The girls know her well too, admits JoAnn, whose husband Don ’81 was a Horned Frog baseball player and frequent visitor to the trio’s classrooms.
“They can read my moods and body language, and they can detect when something is bothering me,” she said. “And they just come right out and ask me about it.”
Shannon and Katie credit their mother’s versatility and professionalism for opening a door for them in the district.
“There was a time when I think we worried about people dreading another Peterson or wondering if three was too many in one school,” Shannon said. “But we’ve gotten nothing but support from everyone.”
The trio even has nicknames, Cobb said.
“Sometimes they are called ‘Momma Peterson, Middle Peterson and Little Peterson,’ ” she said. “And we know they all went to TCU.”

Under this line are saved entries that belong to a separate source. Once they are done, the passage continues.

(* Let $X\neq\emptyset$ be a set, $\Phi$ a nonempty set of bounded functions $X\to\mathbb{R}$ that is compact with respect to $D_\Phi$, and assume $(X,D_X)$ is complete. Let $G$ be a subgroup of $\mathrm{Homeo}_\Phi(X)$, equipped with the pseudo-metric $D_G$. Then $G$ is a topological group with respect to the topology induced by $D_G$ (composition $G\times G\to G$ and inversion $G\to G$ are continuous), and the right action $\Phi\times G\to\Phi$, $(\varphi,g)\mapsto\varphi\circ g$, is continuous (with respect to $D_\Phi$ and $D_G$).
   Context: $D_\Phi(\varphi_1,\varphi_2):=\|\varphi_1-\varphi_2\|_\infty$. $D_X(x_1,x_2):=\sup_{\varphi\in\Phi}|\varphi(x_1)-\varphi(x_2)|$. $\mathrm{Homeo}_\Phi(X)$ is the group of bijections $g:X\to X$ that are homeomorphisms for the topology of $D_X$ and satisfy $\varphi\circ g\in\Phi$ and $\varphi\circ g^{-1}\in\Phi$ for all $\varphi\in\Phi$. For $g_1,g_2\in G$, $D_G(g_1,g_2):=\sup_{\varphi\in\Phi}D_\Phi(\varphi\circ g_1,\varphi\circ g_2)$. *)

From Stdlib Require Import Reals Lra List Classical ClassicalEpsilon.
Open Scope R_scope.

(* Supremum of a set of reals: the least upper bound when the set is
   nonempty and bounded above, and 0 otherwise (never used in that case
   for the statement, since all sets involved are bounded and nonempty). *)
Definition Rsup (E : R -> Prop) : R :=
  match excluded_middle_informative (bound E /\ exists x, E x) with
  | left H => proj1_sig (completeness E (proj1 H) (proj2 H))
  | right _ => 0
  end.

Definition DPhi {X : Type} (f1 f2 : X -> R) : R :=
  Rsup (fun r => exists x : X, r = Rabs (f1 x - f2 x)).

Definition DX {X : Type} (Phi : (X -> R) -> Prop) (x1 x2 : X) : R :=
  Rsup (fun r => exists phi, Phi phi /\ r = Rabs (phi x1 - phi x2)).

Definition DG {X : Type} (Phi : (X -> R) -> Prop) (g1 g2 : X -> X) : R :=
  Rsup (fun r => exists phi, Phi phi /\
          r = DPhi (fun x => phi (g1 x)) (fun x => phi (g2 x))).

Definition bounded_fun {X : Type} (f : X -> R) : Prop :=
  exists M, forall x, Rabs (f x) <= M.

Definition open_in_Phi {X : Type} (Phi : (X -> R) -> Prop)
  (U : (X -> R) -> Prop) : Prop :=
  forall phi, Phi phi -> U phi ->
    exists r, 0 < r /\ forall psi, Phi psi -> DPhi phi psi < r -> U psi.

Definition compact_Phi {X : Type} (Phi : (X -> R) -> Prop) : Prop :=
  forall (I : Type) (U : I -> (X -> R) -> Prop),
    (forall i, open_in_Phi Phi (U i)) ->
    (forall phi, Phi phi -> exists i, U i phi) ->
    exists l : list I, forall phi, Phi phi -> exists i, In i l /\ U i phi.

Definition complete_DX {X : Type} (Phi : (X -> R) -> Prop) : Prop :=
  forall u : nat -> X,
    (forall eps, 0 < eps -> exists N, forall m n, (N <= m)%nat -> (N <= n)%nat ->
        DX Phi (u m) (u n) < eps) ->
    exists x, forall eps, 0 < eps -> exists N, forall n, (N <= n)%nat ->
        DX Phi (u n) x < eps.

Definition continuous_DX {X : Type} (Phi : (X -> R) -> Prop) (g : X -> X) : Prop :=
  forall x eps, 0 < eps -> exists delta, 0 < delta /\
    forall y, DX Phi x y < delta -> DX Phi (g x) (g y) < eps.

Definition inverse_of {X : Type} (g gi : X -> X) : Prop :=
  (forall x, gi (g x) = x) /\ (forall x, g (gi x) = x).

Definition in_Homeo_Phi {X : Type} (Phi : (X -> R) -> Prop) (g : X -> X) : Prop :=
  exists gi, inverse_of g gi /\
    continuous_DX Phi g /\ continuous_DX Phi gi /\
    (forall phi, Phi phi -> Phi (fun x => phi (g x)) /\ Phi (fun x => phi (gi x))).

Definition subgroup_Homeo_Phi {X : Type} (Phi : (X -> R) -> Prop)
  (G : (X -> X) -> Prop) : Prop :=
  (forall g, G g -> in_Homeo_Phi Phi g) /\
  G (fun x => x) /\
  (forall g h, G g -> G h -> G (fun x => g (h x))) /\
  (forall g, G g -> exists gi, G gi /\ inverse_of g gi).

(* Compactness of Phi makes it uniformly bounded, so D_G(g1, g2) is the
   supremum of |phi (g1 x) - phi (g2 x)| over phi in Phi and x in X.  Since
   every element of G maps Phi into itself by precomposition, precomposing a
   competitor phi with g (resp. with the inverse) turns this description into
   the estimates
     D_G(g h, g' h') <= D_G(h, h') + D_G(g, g'),
     D_G(g^-1, h^-1) <= D_G(g, h),
     D_Phi(phi o g, psi o h) <= D_G(g, h) + D_Phi(phi, psi),
   from which the three continuity statements follow at once. *)

From Stdlib Require Import Reals List Classical ClassicalEpsilon Lra.
Open Scope R_scope.

Lemma Rsup_ub (E : R -> Prop) (r : R) : bound E -> E r -> r <= Rsup E.
Proof.
  intros Hb Hr. unfold Rsup.
  destruct (excluded_middle_informative _) as [H | H].
  - destruct (completeness E _ _) as [s [Hub Hleast]]. exact (Hub r Hr).
  - exfalso. apply H. split; [exact Hb | exists r; exact Hr].
Qed.

Lemma Rsup_le (E : R -> Prop) (b : R) :
  (exists r, E r) -> (forall r, E r -> r <= b) -> Rsup E <= b.
Proof.
  intros He Hb. unfold Rsup.
  destruct (excluded_middle_informative _) as [H | H].
  - destruct (completeness E _ _) as [s [Hub Hleast]]. exact (Hleast b Hb).
  - exfalso. apply H. split; [exists b; exact Hb | exact He].
Qed.

Lemma Rabs_sub_triang (a b c : R) : Rabs (a - c) <= Rabs (a - b) + Rabs (b - c).
Proof. exact (Rdist_tri a c b). Qed.

Lemma Rabs_sub_le (a b : R) : Rabs (a - b) <= Rabs a + Rabs b.
Proof. unfold Rminus. rewrite <- (Rabs_Ropp b). apply Rabs_triang. Qed.

Lemma DPhi_ub {X : Type} (f1 f2 : X -> R) (x : X) :
  bounded_fun f1 -> bounded_fun f2 -> Rabs (f1 x - f2 x) <= DPhi f1 f2.
Proof.
  intros [M1 H1] [M2 H2]. apply Rsup_ub.
  - exists (M1 + M2). intros r [y ->].
    pose proof (Rabs_sub_le (f1 y) (f2 y)). specialize (H1 y). specialize (H2 y). lra.
  - exists x. reflexivity.
Qed.

Lemma DPhi_le {X : Type} (f1 f2 : X -> R) (b : R) :
  inhabited X -> (forall x, Rabs (f1 x - f2 x) <= b) -> DPhi f1 f2 <= b.
Proof.
  intros [x0] H. apply Rsup_le.
  - exists (Rabs (f1 x0 - f2 x0)), x0. reflexivity.
  - intros r [y ->]. apply H.
Qed.

(* Cover Phi by the open sets "bounded by some c < n", n : nat. *)
Lemma compact_Phi_uniformly_bounded {X : Type} (Phi : (X -> R) -> Prop) :
  (forall phi, Phi phi -> bounded_fun phi) -> compact_Phi Phi ->
  exists B, forall phi, Phi phi -> forall x, Rabs (phi x) <= B.
Proof.
  intros Hbd Hcpt.
  destruct (Hcpt nat (fun n psi => exists c, c < INR n /\ forall x, Rabs (psi x) <= c))
    as [l Hl].
  - intros n psi Hpsi [c [Hcn Hc]]. exists (INR n - c). split; [lra |].
    intros psi' Hpsi' Hd. exists (c + DPhi psi psi'). split; [lra |].
    intros x.
    pose proof (DPhi_ub psi psi' x (Hbd _ Hpsi) (Hbd _ Hpsi')).
    pose proof (Rabs_triang (psi x) (psi' x - psi x)) as T.
    replace (psi x + (psi' x - psi x)) with (psi' x) in T by ring.
    rewrite Rabs_minus_sym in T. specialize (Hc x). lra.
  - intros phi Hphi. destruct (Hbd _ Hphi) as [M HM].
    destruct (INR_unbounded M) as [n Hn]. exists n, M. split; [lra | exact HM].
  - assert (Hmax : exists B, forall i, In i l -> INR i <= B).
    { clear Hl. induction l as [| a l [B HB]].
      - exists 0. intros i [].
      - exists (Rmax (INR a) B). intros i [<- | Hi].
        + apply Rmax_l.
        + eapply Rle_trans; [exact (HB i Hi) | apply Rmax_r]. }
    destruct Hmax as [B HB]. exists B. intros phi Hphi x.
    destruct (Hl phi Hphi) as [i [Hi [c [Hci Hc]]]].
    specialize (Hc x). specialize (HB i Hi). lra.
Qed.

Definition preserves_Phi {X : Type} (Phi : (X -> R) -> Prop) (g : X -> X) : Prop :=
  forall phi, Phi phi -> Phi (fun x => phi (g x)).

Lemma subgroup_preserves_Phi {X : Type} (Phi : (X -> R) -> Prop) (G : (X -> X) -> Prop)
  (g : X -> X) : subgroup_Homeo_Phi Phi G -> G g -> preserves_Phi Phi g.
Proof.
  intros [Hhomeo _] Hg phi Hphi.
  destruct (Hhomeo g Hg) as [gi [_ [_ [_ Hpres]]]]. exact (proj1 (Hpres phi Hphi)).
Qed.

Section UniformlyBounded.

Variables (X : Type) (Phi : (X -> R) -> Prop) (B : R).
Hypothesis hX : inhabited X.
Hypothesis hPhi_ne : exists phi, Phi phi.
Hypothesis hB : forall phi, Phi phi -> forall x, Rabs (phi x) <= B.

Lemma DG_ub (g1 g2 : X -> X) (phi : X -> R) (x : X) :
  preserves_Phi Phi g1 -> preserves_Phi Phi g2 -> Phi phi ->
  Rabs (phi (g1 x) - phi (g2 x)) <= DG Phi g1 g2.
Proof.
  intros Hg1 Hg2 Hphi.
  assert (Hbd : forall psi, Phi psi -> bounded_fun psi) by (intros psi Hpsi; exists B; auto).
  eapply Rle_trans.
  - exact (DPhi_ub (fun y => phi (g1 y)) (fun y => phi (g2 y)) x
             (Hbd _ (Hg1 _ Hphi)) (Hbd _ (Hg2 _ Hphi))).
  - apply Rsup_ub.
    + exists (B + B). intros r [psi [Hpsi ->]]. apply DPhi_le; [exact hX |]. intros y.
      pose proof (Rabs_sub_le (psi (g1 y)) (psi (g2 y))).
      pose proof (hB _ (Hg1 _ Hpsi) y). pose proof (hB _ (Hg2 _ Hpsi) y). simpl in *. lra.
    + exists phi. split; [exact Hphi | reflexivity].
Qed.

Lemma DG_le (g1 g2 : X -> X) (b : R) :
  (forall phi x, Phi phi -> Rabs (phi (g1 x) - phi (g2 x)) <= b) -> DG Phi g1 g2 <= b.
Proof.
  intros H. apply Rsup_le.
  - destruct hPhi_ne as [phi Hphi]. eexists. exists phi. split; [exact Hphi | reflexivity].
  - intros r [psi [Hpsi ->]]. apply DPhi_le; [exact hX |]. intros y. exact (H psi y Hpsi).
Qed.

Lemma DG_comp_le (g g' h h' : X -> X) :
  preserves_Phi Phi g -> preserves_Phi Phi g' ->
  preserves_Phi Phi h -> preserves_Phi Phi h' ->
  DG Phi (fun x => g (h x)) (fun x => g' (h' x)) <= DG Phi h h' + DG Phi g g'.
Proof.
  intros Hg Hg' Hh Hh'. apply DG_le. intros phi x Hphi.
  pose proof (DG_ub h h' (fun y => phi (g y)) x Hh Hh' (Hg _ Hphi)).
  pose proof (DG_ub g g' phi (h' x) Hg Hg' Hphi).
  pose proof (Rabs_sub_triang (phi (g (h x))) (phi (g (h' x))) (phi (g' (h' x)))).
  simpl in *. lra.
Qed.

(* Evaluate phi o g^-1 at the point h^-1 x. *)
Lemma DG_inv_le (g gi h hi : X -> X) :
  inverse_of g gi -> inverse_of h hi ->
  preserves_Phi Phi g -> preserves_Phi Phi h -> preserves_Phi Phi gi ->
  DG Phi gi hi <= DG Phi g h.
Proof.
  intros [Hgig _] [_ Hhhi] Hg Hh Hgi. apply DG_le. intros phi x Hphi.
  pose proof (DG_ub g h (fun y => phi (gi y)) (hi x) Hg Hh (Hgi _ Hphi)) as E.
  simpl in E. rewrite Hhhi, Hgig in E. rewrite Rabs_minus_sym. exact E.
Qed.

Lemma DPhi_action_le (phi psi : X -> R) (g h : X -> X) :
  Phi phi -> Phi psi -> preserves_Phi Phi g -> preserves_Phi Phi h ->
  DPhi (fun x => phi (g x)) (fun x => psi (h x)) <= DG Phi g h + DPhi phi psi.
Proof.
  intros Hphi Hpsi Hg Hh. apply DPhi_le; [exact hX |]. intros x.
  assert (Hbd : forall f, Phi f -> bounded_fun f) by (intros f Hf; exists B; auto).
  pose proof (DG_ub g h phi x Hg Hh Hphi).
  pose proof (DPhi_ub phi psi (h x) (Hbd _ Hphi) (Hbd _ Hpsi)).
  pose proof (Rabs_sub_triang (phi (g x)) (phi (h x)) (psi (h x))).
  lra.
Qed.

End UniformlyBounded.

Theorem mainTheorem5 (X : Type) (Phi : (X -> R) -> Prop) (G : (X -> X) -> Prop)
  (hX : inhabited X)
  (hPhi_ne : exists phi, Phi phi)
  (hPhi_bd : forall phi, Phi phi -> bounded_fun phi)
  (hPhi_cpt : compact_Phi Phi)
  (hX_cpl : complete_DX Phi)
  (hG : subgroup_Homeo_Phi Phi G) :
  (* composition G x G -> G is continuous *)
  (forall g h, G g -> G h ->
     forall eps, 0 < eps -> exists delta, 0 < delta /\
       forall g' h', G g' -> G h' -> DG Phi g g' < delta -> DG Phi h h' < delta ->
         DG Phi (fun x => g (h x)) (fun x => g' (h' x)) < eps) /\
  (* inversion G -> G is continuous *)
  (forall g gi, G g -> G gi -> inverse_of g gi ->
     forall eps, 0 < eps -> exists delta, 0 < delta /\
       forall h hi, G h -> G hi -> inverse_of h hi ->
         DG Phi g h < delta -> DG Phi gi hi < eps) /\
  (* the right action Phi x G -> Phi, (phi, g) |-> phi o g, is continuous *)
  (forall phi g, Phi phi -> G g ->
     forall eps, 0 < eps -> exists delta, 0 < delta /\
       forall psi h, Phi psi -> G h -> DPhi phi psi < delta -> DG Phi g h < delta ->
         DPhi (fun x => phi (g x)) (fun x => psi (h x)) < eps).
Proof.
  destruct (compact_Phi_uniformly_bounded Phi hPhi_bd hPhi_cpt) as [B hB].
  pose proof (subgroup_preserves_Phi Phi G) as Hpres.
  split; [| split].
  - intros g h Hg Hh eps Heps. exists (eps / 2). split; [lra |].
    intros g' h' Hg' Hh' Dg Dh.
    pose proof (DG_comp_le X Phi B hX hPhi_ne hB g g' h h'
                  (Hpres g hG Hg) (Hpres g' hG Hg') (Hpres h hG Hh) (Hpres h' hG Hh')).
    lra.
  - intros g gi Hg Hgi Hinvg eps Heps. exists eps. split; [exact Heps |].
    intros h hi Hh _ Hinvh D.
    pose proof (DG_inv_le X Phi B hX hPhi_ne hB g gi h hi Hinvg Hinvh
                  (Hpres g hG Hg) (Hpres h hG Hh) (Hpres gi hG Hgi)).
    lra.
  - intros phi g Hphi Hg eps Heps. exists (eps / 2). split; [lra |].
    intros psi h Hpsi Hh Dphi Dg.
    pose proof (DPhi_action_le X Phi B hX hB phi psi g h Hphi Hpsi
                  (Hpres g hG Hg) (Hpres h hG Hh)).
    lra.
Qed.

There are six Frog alums at Durham and the Petersons aren’t shy about boasting where they came from.
“Dale Young [TCU director of student teaching and career services] helped get us into student teaching here,” Shannon said. “He was a great role model. I felt like TCU totally prepared me in every way for my teaching career.”
The Petersons calculate that as many as seven current Durham students could have all three of them before they leave the school – what they call “The Trifecta.”
But the students have some thought of their own about the teaching trio.
“They say we all walk the same,” Katie said. “That’s kind of weird, but I think it must mean we’re okay.”